In the final evaluation, Disciple of Peace must be seen as a mixed bag. Certainly its value rises as academic expectations are lowered. In view of this, it may unqualifiedly recommended to the average reader who is interested in the history of the Stone-Campbell Movement generally or any Restorationist ready to critically engage questions of war, peace, and the state in view of the great thinkers of the tradition. Certainly, I believe that members of the Churches of Christ, Christian Churches, and Disciples of Christ would all profit from taking the small amount of time necessary to breeze through this work. The number of adherents in these churches I encounter on a regular basis who have no concept of the rich pacifist history of their traditions is astonishing. Beyond its function for these demographics, however, Watts' work has serious shortcomings which hamper its critical value for the well-educated reader.

Thursday, December 1, 2011

Pope Takes a Stand



The pope is making the news again, but it is at least for something good this time:

Pope Benedict XVI voiced support Wednesday for political actions around the world aimed at eliminating the death penalty, reflecting his stance as an opponent of capital punishment.

He said he hopes "your deliberations will encourage the political and legislative initiatives being promoted in a growing number of countries to eliminate the death penalty."

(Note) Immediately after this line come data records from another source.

Lemma lpp_path_cross m n a b c t : lpp_path m n a b t -> a <= c <= b ->
  exists2 i, (m <= i <= n)%N & t i.+1 <= c <= t i.
Proof.
move=> tp /andP[ac cb]; have [mn [ta [tb _]]] := tp.
suff down : forall d k, (k + d = n)%N -> (m <= k)%N -> c <= t k ->
    exists2 i, (k <= i <= n)%N & t i.+1 <= c <= t i.
  have [i ki ci] := down (n - m)%N m ltac:(lia) (leqnn _) ltac:(by rewrite tb).
  by exists i => //; lia.
elim=> [|d IH] k kd mk ck.
  by exists k; [lia|rewrite ck andbT (_ : k = n) ?ta //; lia].
have [tk|tk] := leP (t k.+1) c; first by exists k; [lia|rewrite tk ck].
have [i ki ci] := IH k.+1 ltac:(lia) ltac:(lia) (ltW tk).
by exists i => //; lia.
Qed.

Lemma lpp_path_cut m i j a b c t : (m <= i <= j)%N -> lpp_path m j a b t ->
  t i.+1 <= c <= t i ->
  exists t1 t2, [/\ lpp_path i j a c t1, lpp_path m i c b t2 & glue i t1 t2 = t].
Proof.
move=> /andP[mi ij] [_ [ta [tb step]]] /andP[tc ct].
exists (fun k => if k == i then c else t k), (fun k => if k == i.+1 then c else t k).
split.
- split=> //; split; first by rewrite ifF //; lia.
  split; first by rewrite eqxx.
  move=> k /andP[ik kj]; have [->|ki] := eqVneq k i; first by rewrite ?eqxx ifF //; lia.
  by rewrite !ifF //; try apply: step; lia.
- split=> //; split; first by rewrite eqxx.
  split; first by rewrite ifF //; lia.
  move=> k /andP[mk ki]; have [->|ki'] := eqVneq k i; first by rewrite ?eqxx ifF //; lia.
  by rewrite !ifF //; try apply: step; lia.
- by apply/funext => k; rewrite /glue; case: leqP => ki; rewrite ifF //; lia.
Qed.

Definition lpp_weights f m n a b : set R :=
  [set w | exists2 t, lpp_path m n a b t & w = lpp_weight f m n t].

Lemma lppE f m n a b : lpp f (a, n) (b, m) = sup (lpp_weights f m n a b).
Proof. by []. Qed.

Lemma lpp_weights_nonempty f m n a b : (m <= n)%N -> a <= b ->
  lpp_weights f m n a b !=set0.
Proof. by move=> mn ab; eexists; exists (fun k => if (k <= m)%N then b else a);
  first exact: lpp_path_trivial. Qed.

(* Path weights are bounded when the f k, k >= m, are continuous, so lpp is
   a genuine supremum. *)
Lemma lpp_weights_has_sup f m n a b : (forall k, (m <= k)%N -> continuous (f k)) ->
  (m <= n)%N -> a <= b -> has_sup (lpp_weights f m n a b).
Proof.
move=> f_cont mn ab; split; first exact: lpp_weights_nonempty.
have /choice[C f_bnd] : forall k, exists C : R,
    (m <= k)%N -> forall z, a <= z <= b -> `|f k z| <= C.
  move=> k; have [mk|km] := leqP m k; last by exists 0 => mk; lia.
  by have [C HC] := continuous_segment_bounded a b (f_cont k mk); exists C.
exists (\sum_(m <= k < n.+1) (C k + C k)) => _ [t tp ->].
apply: ler_sum_nat => k /andP[mk kn].
have /(f_bnd k mk) : a <= t k <= b by apply: lpp_path_range tp _; lia.
have /(f_bnd k mk) : a <= t k.+1 <= b by apply: lpp_path_range tp _; lia.
have := ler_norm (f k (t k)); have := ler_norm (- f k (t k.+1)); rewrite normrN; lra.
Qed.

Lemma lpp_concat f m i j a c b : (forall k, (m <= k)%N -> continuous (f k)) ->
  (m <= i <= j)%N -> a <= c <= b ->
  lpp f (a, j) (c, i) + lpp f (c, i) (b, m) <= lpp f (a, j) (b, m).
Proof.
move=> f_cont /[dup] mij /andP[mi ij] /andP[ac cb]; rewrite !lppE.
have sup_mj := lpp_weights_has_sup f_cont (leq_trans mi ij) (le_trans ac cb).
have [[w1 W1] _] : has_sup (lpp_weights f i j a c).
  by apply: lpp_weights_has_sup => // k ik; apply: f_cont; lia.
have [[w2 W2] _] : has_sup (lpp_weights f m i c b) by exact: lpp_weights_has_sup.
have glued w1' w2' : lpp_weights f i j a c w1' -> lpp_weights f m i c b w2' ->
    w1' + w2' <= sup (lpp_weights f m j a b).
  move=> [t1 p1 ->] [t2 p2 ->]; apply: sup_upper_bound => //.
  exists (glue i t1 t2); first exact: glue_path p1 p2.
  by rewrite glue_weight //; case: p1 => _ [_ [-> _]]; case: p2 => _ [-> _].
suff : sup (lpp_weights f m i c b) <=
       sup (lpp_weights f m j a b) - sup (lpp_weights f i j a c) by lra.
apply: ge_sup; first by exists w2.
move=> w2' W2'; suff : sup (lpp_weights f i j a c) <= sup (lpp_weights f m j a b) - w2' by lra.
apply: ge_sup; first by exists w1.
by move=> w1' W1'; have := glued _ _ W1' W2'; lra.
Qed.

Lemma lpp_split f m j a c b : (forall k, (m <= k)%N -> continuous (f k)) ->
  (m <= j)%N -> a <= c <= b ->
  exists2 i, (m <= i <= j)%N &
    lpp f (a, j) (b, m) <= lpp f (a, j) (c, i) + lpp f (c, i) (b, m).
Proof.
move=> f_cont mj acb; have /andP[ac cb] := acb.
have [i mij best] := nat_argmax (fun i => lpp f (a, j) (c, i) + lpp f (c, i) (b, m)) mj.
exists i => //; rewrite [leLHS]lppE; apply: ge_sup.
  exact: lpp_weights_nonempty (le_trans ac cb).
move=> _ [t tp ->]; have [k mkj tc] := lpp_path_cross tp acb.
have [t1 [t2 [p1 p2 <-]]] := lpp_path_cut mkj tp tc.
move: (mkj) => /andP[mk kj]; apply: le_trans (best k mkj).
have t12 : t1 k = t2 k.+1 by case: p1 => _ [_ [-> _]]; case: p2 => _ [-> _].
rewrite glue_weight //; apply: lerD; rewrite lppE; apply: sup_upper_bound.
- by apply: lpp_weights_has_sup => // l kl; apply: f_cont; lia.
- by exists t1.
- exact: lpp_weights_has_sup.
- by exists t2.
Qed.
End LastPassagePercolation.

Section BoundaryProcess.
Local Set Implicit Arguments. Local Unset Strict Implicit.
Variable R : realType.
Variables (f : nat -> R -> R) (b : nat -> R) (lam : R).
Hypothesis f_cont : forall k, (1 <= k)%N -> continuous (f k).

Definition boundary_process (i : nat) (y : R) : \bar R :=
  ereal_sup [set (b j + lppP f lam j i y)%:E | j in [set j : nat | (i <= j)%N]].

(* If s dominates b_j + f[(lam,j) -> (lam+x,1)] for all j, then by
   superadditivity it dominates Z_k(y) + f[(lam+y,k) -> (lam+x,1)]. *)
Lemma boundary_process_le (s x y : R) k : 0 <= y <= x -> (1 <= k)%N ->
  (forall j, (1 <= j)%N -> b j + lppP f lam j 1 x <= s) ->
  (boundary_process k y + (lpp f (lam + y, k) (lam + x, 1%N))%:E <= s%:E)%E.
Proof.
move=> /andP[y0 yx] k1 s_ub.
rewrite -[s](subrK (lpp f (lam + y, k) (lam + x, 1%N))) EFinD; apply: leeD2r.
apply: ge_ereal_sup => _ [j /= kj <-]; rewrite lee_fin.
have := s_ub j (leq_trans k1 kj).
have := @lpp_concat _ f 1 k j lam (lam + y) (lam + x) f_cont
  ltac:(by rewrite k1 kj) ltac:(apply/andP; split; lra).
rewrite /lppP; lra.
Qed.

(* Splitting the path from (lam, i0) to (lam + x, 1) at lam + y bounds the
   i0-th term of the variational formula by some Z_i(y) + f[...]. *)
Lemma boundary_process_attained (x y : R) i0 : 0 <= y <= x -> (1 <= i0)%N ->
  exists2 i, (1 <= i)%N &
    ((b i0 + lppP f lam i0 1 x)%:E
       <= boundary_process i y + (lpp f (lam + y, i) (lam + x, 1%N))%:E)%E.
Proof.
move=> /andP[y0 yx] i0_1.
have [i /andP[i1 ii0] split_le] := @lpp_split _ f 1 i0 lam (lam + y) (lam + x)
  f_cont i0_1 ltac:(apply/andP; split; lra).
exists i => //; apply: le_trans (_ : ((b i0 + lppP f lam i0 i y)%:E
   + (lpp f (lam + y, i) (lam + x, 1%N))%:E <= _)%E).
  by rewrite -EFinD lee_fin; move: split_le; rewrite /lppP; lra.
by apply: leeD2r; apply: ereal_sup_ubound; exists i0.
Qed.

Lemma boundary_process_decomposition (s x y : R) : 0 <= y <= x ->
  (exists2 i0, (1 <= i0)%N & s = b i0 + lppP f lam i0 1 x) ->
  (forall j, (1 <= j)%N -> b j + lppP f lam j 1 x <= s) ->
  exists2 i, (1 <= i)%N &
    (s%:E = boundary_process i y + (lpp f (lam + y, i) (lam + x, 1%N))%:E /\
     (forall j, (1 <= j)%N ->
        boundary_process j y + (lpp f (lam + y, j) (lam + x, 1%N))%:E <= s%:E))%E.
Proof.
move=> yx [i0 i0_1 s_at] s_ub.
have [i i1 s_le] := boundary_process_attained yx i0_1.
exists i => //; split=> [|j j1]; last exact: boundary_process_le.
by apply: le_anti; rewrite boundary_process_le // s_at s_le.
Qed.
End BoundaryProcess.

Theorem lemma2p7 (R : realType) (d : measure_display) (T : measurableType d)
  (Pr : probability T R) (Ai : R -> R)
  (P : T -> nat -> R -> R) (S : T -> R -> R -> R) (yb lam : R) :
  is_Airy_Ai Ai ->
  is_parabolic_Airy_line_ensemble Pr Ai P ->
  is_Airy_sheet_coupled Pr P S ->
  0 < yb ->
  (* known facts (context): for fixed lam', y > 0, a.s. the limits b^{lam',y}_i
     exist and are finite ... *)
  (forall lam' y : R, 0 < y ->
     {ae Pr, forall w, forall i : nat, (1 <= i)%N -> cvgn (airy_bseq P S lam' y w i)}) ->
  (* ... and a.s. for all x >= 0, S(y, lam'+x) = sup_i {b_i + P^lam'_{i->1}(x)},
     the supremum being attained at a finite index *)
  (forall lam' y : R, 0 < y ->
     {ae Pr, forall w, forall x : R, 0 <= x ->
        exists2 i : nat, (1 <= i)%N &
          S w y (lam' + x) = bdata P S lam' y w i + lppP (P w) lam' i 1 x /\
          (forall j : nat, (1 <= j)%N ->
             bdata P S lam' y w j + lppP (P w) lam' j 1 x <= S w y (lam' + x))}) ->
  {ae Pr, forall w, forall x y : R, 0 <= y -> y <= x ->
     exists2 i : nat, (1 <= i)%N &
       ((S w yb (lam + x))%:E
          = Zbd P S lam yb w i y + (lpp (P w) (lam + y, i) (lam + x, 1%N))%:E /\
        (forall j : nat, (1 <= j)%N ->
           Zbd P S lam yb w j y + (lpp (P w) (lam + y, j) (lam + x, 1%N))%:E
             <= (S w yb (lam + x))%:E))%E}.
Proof.
(* Only the continuity of the lines and the variational formula at (lam, yb)
   are needed; on that event the statement is deterministic. *)
move=> _ [_ P_cont _ _] _ yb_gt0 _ S_sup.
apply: filterS (S_sup lam yb yb_gt0) => w S_max x y y_ge0 yx.
have [i0 i0_1 [S_at S_ub]] := S_max x (le_trans y_ge0 yx).
exact: (@boundary_process_decomposition _ (P w) (bdata P S lam yb w) lam
  (P_cont w) _ x y ltac:(by rewrite y_ge0 yx) (ex_intro2 _ _ i0 i0_1 S_at) S_ub).
Qed.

This stance is not only a continuation of the philosophy of Benedict's predecessor, the much beloved John Paul II, but is an extension of the historical Catholic disposition toward capital punishment. Contrary to the prevailing popular mythos, the Catholic Church has never been in the business of executing people. In its very darkest days, it would collaborate with civil authorities in investigations of capital crimes before turning the accused over to the state for punishment, but the prevailing belief and practice for the Catholic clergy has been that the death penalty is something less than holy, inimical to true Christian faith. While I certainly don't see political activism as an appropriate means for pursuing Christian ethics, I do applaud the papacy for publicly continuing this historic position of the Catholic Church. Unfortunately for the pope, it appears that the majority of Catholics in America still support the death penalty and only a marginal number of them cite religion as the most important factor in shaping their opinions.

Wednesday, October 19, 2011

In Other News

In supporting his new bill designed to bring back firing squads--or, as he puts it, lead cocktails--as a means of execution, Florida's Rep. Brad Drake confesses, "I have no desire to humanely respect those that are inhumane."

In ironic and unrelated news, a new study published Molecular Psychiatry found that depression alters brain chemistry in such a way that people often turn hate for others into self-loathing.